_Task_
The answer is a stretch of the material below, returned exactly: the line containing "Lemma is_f_t_attained (t", the line containing "(uniform_esym (omega - 1)", and all lines between.

_Input data_
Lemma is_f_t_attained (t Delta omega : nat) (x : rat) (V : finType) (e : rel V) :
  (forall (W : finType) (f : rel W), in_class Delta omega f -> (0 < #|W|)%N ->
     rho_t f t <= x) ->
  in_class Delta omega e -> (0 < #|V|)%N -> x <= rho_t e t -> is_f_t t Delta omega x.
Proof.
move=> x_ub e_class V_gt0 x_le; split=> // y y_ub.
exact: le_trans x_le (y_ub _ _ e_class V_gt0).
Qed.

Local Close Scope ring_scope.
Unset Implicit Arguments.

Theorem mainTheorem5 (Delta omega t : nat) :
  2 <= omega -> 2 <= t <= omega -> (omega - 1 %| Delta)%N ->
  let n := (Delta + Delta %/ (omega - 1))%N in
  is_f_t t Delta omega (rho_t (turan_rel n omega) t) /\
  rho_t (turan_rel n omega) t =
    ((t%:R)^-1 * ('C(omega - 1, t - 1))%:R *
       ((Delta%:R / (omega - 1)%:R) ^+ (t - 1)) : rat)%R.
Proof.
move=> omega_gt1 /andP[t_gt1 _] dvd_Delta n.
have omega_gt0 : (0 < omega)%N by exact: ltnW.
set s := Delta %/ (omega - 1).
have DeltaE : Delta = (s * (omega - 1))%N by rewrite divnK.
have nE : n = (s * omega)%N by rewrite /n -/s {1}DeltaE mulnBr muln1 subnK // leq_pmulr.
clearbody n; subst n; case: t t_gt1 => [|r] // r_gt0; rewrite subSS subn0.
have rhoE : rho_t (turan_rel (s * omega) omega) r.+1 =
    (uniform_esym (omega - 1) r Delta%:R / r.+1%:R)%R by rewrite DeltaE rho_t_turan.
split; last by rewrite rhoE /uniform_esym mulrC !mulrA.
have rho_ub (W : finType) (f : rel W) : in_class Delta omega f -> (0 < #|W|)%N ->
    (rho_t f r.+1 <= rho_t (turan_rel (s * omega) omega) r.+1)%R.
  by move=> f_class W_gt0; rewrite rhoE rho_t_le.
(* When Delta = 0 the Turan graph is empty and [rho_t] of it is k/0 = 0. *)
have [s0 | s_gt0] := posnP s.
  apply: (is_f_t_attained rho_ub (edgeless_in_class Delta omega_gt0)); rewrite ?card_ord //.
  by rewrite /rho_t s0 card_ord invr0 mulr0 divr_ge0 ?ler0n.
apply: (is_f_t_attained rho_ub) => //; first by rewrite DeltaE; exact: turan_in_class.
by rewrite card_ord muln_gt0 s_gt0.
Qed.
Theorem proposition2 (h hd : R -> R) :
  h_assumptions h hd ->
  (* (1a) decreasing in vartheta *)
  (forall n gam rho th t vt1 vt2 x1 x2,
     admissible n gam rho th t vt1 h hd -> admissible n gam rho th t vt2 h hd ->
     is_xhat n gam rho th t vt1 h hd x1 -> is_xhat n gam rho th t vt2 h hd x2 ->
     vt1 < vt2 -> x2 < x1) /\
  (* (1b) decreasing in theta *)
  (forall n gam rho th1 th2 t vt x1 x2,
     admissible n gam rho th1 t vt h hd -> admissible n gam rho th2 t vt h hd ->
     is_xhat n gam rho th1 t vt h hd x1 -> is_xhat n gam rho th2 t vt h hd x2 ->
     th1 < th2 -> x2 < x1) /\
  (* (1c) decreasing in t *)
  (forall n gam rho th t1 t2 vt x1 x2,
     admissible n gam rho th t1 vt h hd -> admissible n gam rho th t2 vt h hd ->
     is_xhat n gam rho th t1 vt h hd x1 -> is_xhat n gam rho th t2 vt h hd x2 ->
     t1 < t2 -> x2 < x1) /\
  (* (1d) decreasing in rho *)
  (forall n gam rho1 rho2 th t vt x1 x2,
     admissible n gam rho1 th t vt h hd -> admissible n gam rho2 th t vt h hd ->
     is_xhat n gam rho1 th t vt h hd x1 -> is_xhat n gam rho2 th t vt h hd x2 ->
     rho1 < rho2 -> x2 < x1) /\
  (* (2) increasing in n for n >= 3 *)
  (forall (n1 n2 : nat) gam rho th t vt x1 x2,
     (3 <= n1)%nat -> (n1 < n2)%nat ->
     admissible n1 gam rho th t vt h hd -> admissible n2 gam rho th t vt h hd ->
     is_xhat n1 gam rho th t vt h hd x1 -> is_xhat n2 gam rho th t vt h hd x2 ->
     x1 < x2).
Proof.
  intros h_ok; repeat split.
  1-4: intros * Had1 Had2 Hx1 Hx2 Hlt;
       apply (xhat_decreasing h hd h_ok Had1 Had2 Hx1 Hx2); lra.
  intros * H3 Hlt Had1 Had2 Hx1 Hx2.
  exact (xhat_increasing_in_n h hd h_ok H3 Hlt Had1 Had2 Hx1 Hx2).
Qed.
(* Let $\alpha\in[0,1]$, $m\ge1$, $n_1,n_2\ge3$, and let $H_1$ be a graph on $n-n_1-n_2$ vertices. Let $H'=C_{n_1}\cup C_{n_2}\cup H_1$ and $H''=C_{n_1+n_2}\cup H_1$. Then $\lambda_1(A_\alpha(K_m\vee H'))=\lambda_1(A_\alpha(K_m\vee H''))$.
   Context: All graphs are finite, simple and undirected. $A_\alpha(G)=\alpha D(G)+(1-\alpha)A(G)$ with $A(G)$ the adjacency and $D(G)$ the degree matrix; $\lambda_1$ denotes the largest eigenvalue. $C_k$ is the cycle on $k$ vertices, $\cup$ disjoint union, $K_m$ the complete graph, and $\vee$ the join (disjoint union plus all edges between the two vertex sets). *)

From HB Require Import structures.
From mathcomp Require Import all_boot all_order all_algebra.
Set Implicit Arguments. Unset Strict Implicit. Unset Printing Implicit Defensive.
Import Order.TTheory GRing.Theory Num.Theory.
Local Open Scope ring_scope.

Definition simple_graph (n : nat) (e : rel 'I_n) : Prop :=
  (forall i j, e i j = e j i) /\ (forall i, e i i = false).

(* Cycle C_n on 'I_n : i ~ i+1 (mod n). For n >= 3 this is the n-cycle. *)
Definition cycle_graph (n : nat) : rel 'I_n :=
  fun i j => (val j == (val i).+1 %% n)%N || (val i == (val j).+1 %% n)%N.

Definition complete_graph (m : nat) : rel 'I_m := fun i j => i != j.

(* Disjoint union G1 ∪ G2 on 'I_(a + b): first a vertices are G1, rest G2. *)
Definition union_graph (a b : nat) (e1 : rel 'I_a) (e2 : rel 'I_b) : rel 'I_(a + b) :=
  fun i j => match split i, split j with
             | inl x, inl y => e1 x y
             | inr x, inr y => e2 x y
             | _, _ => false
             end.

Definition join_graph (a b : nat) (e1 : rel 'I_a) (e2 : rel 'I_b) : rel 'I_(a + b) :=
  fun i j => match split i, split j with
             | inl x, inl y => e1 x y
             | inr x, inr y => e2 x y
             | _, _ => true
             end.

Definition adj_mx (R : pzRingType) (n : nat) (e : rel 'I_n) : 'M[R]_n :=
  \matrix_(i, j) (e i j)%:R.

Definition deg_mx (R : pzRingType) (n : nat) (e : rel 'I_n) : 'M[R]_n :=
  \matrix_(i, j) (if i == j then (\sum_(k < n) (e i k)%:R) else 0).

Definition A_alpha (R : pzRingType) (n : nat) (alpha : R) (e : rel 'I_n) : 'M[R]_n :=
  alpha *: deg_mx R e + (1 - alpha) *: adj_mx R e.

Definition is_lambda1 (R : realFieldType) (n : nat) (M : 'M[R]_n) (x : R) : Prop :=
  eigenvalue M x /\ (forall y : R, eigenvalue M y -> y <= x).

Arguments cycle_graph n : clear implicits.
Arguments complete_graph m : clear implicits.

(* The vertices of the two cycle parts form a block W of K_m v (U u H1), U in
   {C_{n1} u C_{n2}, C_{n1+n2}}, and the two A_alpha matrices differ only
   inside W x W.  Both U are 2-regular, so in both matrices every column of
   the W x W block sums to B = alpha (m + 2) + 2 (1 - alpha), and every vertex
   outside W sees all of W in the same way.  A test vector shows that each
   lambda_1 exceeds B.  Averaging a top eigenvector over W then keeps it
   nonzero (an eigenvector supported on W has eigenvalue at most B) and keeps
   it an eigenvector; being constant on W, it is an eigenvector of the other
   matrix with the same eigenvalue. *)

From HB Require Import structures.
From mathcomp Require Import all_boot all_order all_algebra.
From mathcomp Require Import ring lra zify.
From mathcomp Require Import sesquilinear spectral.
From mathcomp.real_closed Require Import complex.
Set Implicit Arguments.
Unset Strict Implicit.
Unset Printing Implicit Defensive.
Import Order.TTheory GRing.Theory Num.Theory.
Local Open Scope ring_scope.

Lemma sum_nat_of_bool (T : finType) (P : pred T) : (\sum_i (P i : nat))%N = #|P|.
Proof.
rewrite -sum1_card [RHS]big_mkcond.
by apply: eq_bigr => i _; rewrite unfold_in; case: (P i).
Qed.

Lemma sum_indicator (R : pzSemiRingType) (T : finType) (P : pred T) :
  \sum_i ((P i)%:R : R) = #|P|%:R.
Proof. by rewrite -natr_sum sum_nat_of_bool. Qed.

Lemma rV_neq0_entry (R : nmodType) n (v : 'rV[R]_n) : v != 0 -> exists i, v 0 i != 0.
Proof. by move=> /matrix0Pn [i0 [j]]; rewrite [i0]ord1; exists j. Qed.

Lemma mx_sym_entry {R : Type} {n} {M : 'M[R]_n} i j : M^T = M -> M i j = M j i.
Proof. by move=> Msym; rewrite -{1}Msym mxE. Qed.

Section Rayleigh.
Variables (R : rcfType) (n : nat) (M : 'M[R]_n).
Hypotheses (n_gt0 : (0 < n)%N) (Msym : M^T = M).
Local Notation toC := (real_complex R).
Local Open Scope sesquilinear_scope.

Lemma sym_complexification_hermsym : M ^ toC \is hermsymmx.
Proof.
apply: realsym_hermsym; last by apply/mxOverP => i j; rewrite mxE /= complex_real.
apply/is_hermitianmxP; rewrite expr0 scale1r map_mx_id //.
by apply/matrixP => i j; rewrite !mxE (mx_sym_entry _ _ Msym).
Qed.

...

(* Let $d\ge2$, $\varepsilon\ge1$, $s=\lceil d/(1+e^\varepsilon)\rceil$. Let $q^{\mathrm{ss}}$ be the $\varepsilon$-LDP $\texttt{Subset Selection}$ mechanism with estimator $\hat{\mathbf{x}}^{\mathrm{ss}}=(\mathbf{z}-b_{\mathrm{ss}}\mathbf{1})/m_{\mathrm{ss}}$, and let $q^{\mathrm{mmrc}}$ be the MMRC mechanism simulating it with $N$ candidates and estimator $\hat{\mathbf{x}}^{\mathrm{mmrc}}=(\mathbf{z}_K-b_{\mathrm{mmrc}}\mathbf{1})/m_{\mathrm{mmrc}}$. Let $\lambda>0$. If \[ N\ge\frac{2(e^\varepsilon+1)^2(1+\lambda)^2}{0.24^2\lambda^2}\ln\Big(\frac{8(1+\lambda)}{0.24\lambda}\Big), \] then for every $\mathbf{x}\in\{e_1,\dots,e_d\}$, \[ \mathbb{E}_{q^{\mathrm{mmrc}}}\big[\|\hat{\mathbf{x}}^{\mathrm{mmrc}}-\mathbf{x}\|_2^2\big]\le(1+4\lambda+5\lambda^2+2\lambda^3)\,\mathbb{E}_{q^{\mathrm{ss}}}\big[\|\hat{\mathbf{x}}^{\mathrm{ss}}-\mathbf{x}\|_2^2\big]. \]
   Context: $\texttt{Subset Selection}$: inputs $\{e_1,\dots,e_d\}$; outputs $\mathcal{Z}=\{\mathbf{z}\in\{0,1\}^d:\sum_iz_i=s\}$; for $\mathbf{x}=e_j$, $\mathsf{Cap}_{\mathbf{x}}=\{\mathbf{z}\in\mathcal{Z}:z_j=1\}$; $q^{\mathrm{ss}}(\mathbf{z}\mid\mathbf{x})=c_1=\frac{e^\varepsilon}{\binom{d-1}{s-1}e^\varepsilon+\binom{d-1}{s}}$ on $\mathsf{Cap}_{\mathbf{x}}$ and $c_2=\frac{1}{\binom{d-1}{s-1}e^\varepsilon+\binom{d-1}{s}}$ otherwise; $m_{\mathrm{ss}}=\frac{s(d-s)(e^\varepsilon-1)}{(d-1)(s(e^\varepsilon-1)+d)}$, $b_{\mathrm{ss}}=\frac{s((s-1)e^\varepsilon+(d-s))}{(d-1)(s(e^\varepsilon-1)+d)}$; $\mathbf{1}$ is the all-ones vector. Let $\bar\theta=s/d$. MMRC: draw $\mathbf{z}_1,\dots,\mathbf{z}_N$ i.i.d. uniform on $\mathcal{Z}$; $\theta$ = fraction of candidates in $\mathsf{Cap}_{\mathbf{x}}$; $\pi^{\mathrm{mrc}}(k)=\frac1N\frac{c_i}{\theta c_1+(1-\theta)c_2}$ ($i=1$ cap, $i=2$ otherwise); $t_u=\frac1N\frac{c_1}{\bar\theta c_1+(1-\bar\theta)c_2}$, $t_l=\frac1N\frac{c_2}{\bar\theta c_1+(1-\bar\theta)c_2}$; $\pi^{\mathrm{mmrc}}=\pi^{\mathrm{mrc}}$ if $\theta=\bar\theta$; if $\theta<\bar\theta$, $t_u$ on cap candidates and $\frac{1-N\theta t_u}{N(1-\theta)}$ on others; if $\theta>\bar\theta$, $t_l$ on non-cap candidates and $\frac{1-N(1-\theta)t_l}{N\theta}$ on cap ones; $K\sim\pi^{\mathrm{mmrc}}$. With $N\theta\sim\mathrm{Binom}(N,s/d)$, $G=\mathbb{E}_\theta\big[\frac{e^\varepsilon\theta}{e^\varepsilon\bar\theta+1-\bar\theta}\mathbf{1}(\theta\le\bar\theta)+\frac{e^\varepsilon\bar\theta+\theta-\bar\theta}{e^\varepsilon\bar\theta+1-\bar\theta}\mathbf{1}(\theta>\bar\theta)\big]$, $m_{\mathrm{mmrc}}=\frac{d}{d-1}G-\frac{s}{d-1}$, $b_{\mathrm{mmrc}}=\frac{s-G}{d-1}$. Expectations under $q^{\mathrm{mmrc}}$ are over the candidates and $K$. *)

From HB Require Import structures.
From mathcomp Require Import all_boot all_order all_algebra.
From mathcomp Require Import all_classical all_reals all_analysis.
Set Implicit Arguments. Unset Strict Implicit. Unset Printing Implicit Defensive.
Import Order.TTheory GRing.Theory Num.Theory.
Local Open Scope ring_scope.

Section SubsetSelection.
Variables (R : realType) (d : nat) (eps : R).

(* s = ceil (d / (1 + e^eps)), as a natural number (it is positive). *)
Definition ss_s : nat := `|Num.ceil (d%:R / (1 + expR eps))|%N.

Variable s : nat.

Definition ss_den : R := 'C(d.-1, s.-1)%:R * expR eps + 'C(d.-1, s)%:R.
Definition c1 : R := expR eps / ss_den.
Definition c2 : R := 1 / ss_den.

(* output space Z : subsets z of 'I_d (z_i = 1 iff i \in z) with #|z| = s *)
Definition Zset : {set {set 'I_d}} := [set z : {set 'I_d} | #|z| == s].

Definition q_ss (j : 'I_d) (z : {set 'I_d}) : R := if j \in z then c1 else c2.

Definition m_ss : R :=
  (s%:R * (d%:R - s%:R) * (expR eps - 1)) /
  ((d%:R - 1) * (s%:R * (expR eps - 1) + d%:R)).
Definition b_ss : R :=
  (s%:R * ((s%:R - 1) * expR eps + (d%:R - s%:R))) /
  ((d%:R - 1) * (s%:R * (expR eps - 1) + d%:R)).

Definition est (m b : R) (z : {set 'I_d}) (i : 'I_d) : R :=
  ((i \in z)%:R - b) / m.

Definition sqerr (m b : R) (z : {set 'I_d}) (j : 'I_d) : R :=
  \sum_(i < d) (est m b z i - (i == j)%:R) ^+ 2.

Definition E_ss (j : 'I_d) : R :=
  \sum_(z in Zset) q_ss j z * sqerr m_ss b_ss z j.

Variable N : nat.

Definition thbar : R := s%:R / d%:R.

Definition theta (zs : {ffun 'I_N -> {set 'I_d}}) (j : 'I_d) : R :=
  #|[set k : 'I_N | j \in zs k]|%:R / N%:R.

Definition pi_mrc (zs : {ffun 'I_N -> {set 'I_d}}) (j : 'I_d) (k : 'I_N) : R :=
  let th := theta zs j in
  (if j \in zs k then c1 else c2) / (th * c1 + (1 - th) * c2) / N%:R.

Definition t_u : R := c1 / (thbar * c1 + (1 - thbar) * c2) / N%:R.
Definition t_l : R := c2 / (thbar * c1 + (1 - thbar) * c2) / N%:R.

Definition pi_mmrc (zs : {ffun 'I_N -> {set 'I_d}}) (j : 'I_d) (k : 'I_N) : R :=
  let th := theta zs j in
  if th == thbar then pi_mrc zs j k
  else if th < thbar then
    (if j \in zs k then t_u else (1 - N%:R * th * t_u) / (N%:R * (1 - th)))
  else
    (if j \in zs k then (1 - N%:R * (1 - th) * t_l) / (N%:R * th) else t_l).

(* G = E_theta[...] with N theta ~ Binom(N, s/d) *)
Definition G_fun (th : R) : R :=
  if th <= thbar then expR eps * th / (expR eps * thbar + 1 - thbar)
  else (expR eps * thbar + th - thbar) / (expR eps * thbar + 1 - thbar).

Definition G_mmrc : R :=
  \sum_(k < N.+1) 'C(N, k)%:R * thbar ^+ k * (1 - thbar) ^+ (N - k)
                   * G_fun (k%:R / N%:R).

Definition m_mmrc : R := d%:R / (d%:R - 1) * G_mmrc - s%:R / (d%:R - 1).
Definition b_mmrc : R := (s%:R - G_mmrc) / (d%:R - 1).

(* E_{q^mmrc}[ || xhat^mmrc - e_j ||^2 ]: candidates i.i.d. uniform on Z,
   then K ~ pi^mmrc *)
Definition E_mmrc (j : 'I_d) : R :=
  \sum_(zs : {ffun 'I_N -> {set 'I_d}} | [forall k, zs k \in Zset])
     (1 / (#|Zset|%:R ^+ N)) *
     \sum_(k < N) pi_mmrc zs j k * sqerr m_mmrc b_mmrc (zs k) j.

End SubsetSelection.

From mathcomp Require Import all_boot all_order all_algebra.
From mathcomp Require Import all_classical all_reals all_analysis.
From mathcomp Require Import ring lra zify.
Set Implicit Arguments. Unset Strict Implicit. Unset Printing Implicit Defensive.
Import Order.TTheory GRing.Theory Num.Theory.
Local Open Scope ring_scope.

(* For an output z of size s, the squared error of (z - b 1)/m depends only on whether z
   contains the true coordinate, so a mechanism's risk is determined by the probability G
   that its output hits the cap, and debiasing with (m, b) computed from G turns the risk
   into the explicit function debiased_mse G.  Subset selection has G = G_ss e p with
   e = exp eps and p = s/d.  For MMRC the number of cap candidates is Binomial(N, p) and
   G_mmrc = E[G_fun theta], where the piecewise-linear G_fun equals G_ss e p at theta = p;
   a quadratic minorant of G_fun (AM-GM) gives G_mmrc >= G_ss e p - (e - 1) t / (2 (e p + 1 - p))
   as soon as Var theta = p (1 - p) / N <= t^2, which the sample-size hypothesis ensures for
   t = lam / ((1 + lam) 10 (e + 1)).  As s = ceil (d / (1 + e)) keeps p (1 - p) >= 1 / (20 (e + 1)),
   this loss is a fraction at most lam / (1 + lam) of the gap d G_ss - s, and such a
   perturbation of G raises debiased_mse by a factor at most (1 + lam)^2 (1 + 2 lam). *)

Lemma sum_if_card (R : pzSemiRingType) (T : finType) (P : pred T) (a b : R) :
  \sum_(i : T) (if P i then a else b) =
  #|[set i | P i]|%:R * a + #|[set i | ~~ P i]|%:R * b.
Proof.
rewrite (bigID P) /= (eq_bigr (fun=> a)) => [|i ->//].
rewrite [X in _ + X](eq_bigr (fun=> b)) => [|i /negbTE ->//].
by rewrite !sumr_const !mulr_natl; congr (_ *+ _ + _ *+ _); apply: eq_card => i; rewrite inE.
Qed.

_Completed exercise_
Lemma is_f_t_attained (t Delta omega : nat) (x : rat) (V : finType) (e : rel V) :
  (forall (W : finType) (f : rel W), in_class Delta omega f -> (0 < #|W|)%N ->
     rho_t f t <= x) ->
  in_class Delta omega e -> (0 < #|V|)%N -> x <= rho_t e t -> is_f_t t Delta omega x.
Proof.
move=> x_ub e_class V_gt0 x_le; split=> // y y_ub.
exact: le_trans x_le (y_ub _ _ e_class V_gt0).
Qed.

Local Close Scope ring_scope.
Unset Implicit Arguments.

Theorem mainTheorem5 (Delta omega t : nat) :
  2 <= omega -> 2 <= t <= omega -> (omega - 1 %| Delta)%N ->
  let n := (Delta + Delta %/ (omega - 1))%N in
  is_f_t t Delta omega (rho_t (turan_rel n omega) t) /\
  rho_t (turan_rel n omega) t =
    ((t%:R)^-1 * ('C(omega - 1, t - 1))%:R *
       ((Delta%:R / (omega - 1)%:R) ^+ (t - 1)) : rat)%R.
Proof.
move=> omega_gt1 /andP[t_gt1 _] dvd_Delta n.
have omega_gt0 : (0 < omega)%N by exact: ltnW.
set s := Delta %/ (omega - 1).
have DeltaE : Delta = (s * (omega - 1))%N by rewrite divnK.
have nE : n = (s * omega)%N by rewrite /n -/s {1}DeltaE mulnBr muln1 subnK // leq_pmulr.
clearbody n; subst n; case: t t_gt1 => [|r] // r_gt0; rewrite subSS subn0.
have rhoE : rho_t (turan_rel (s * omega) omega) r.+1 =
    (uniform_esym (omega - 1) r Delta%:R / r.+1%:R)%R by rewrite DeltaE rho_t_turan.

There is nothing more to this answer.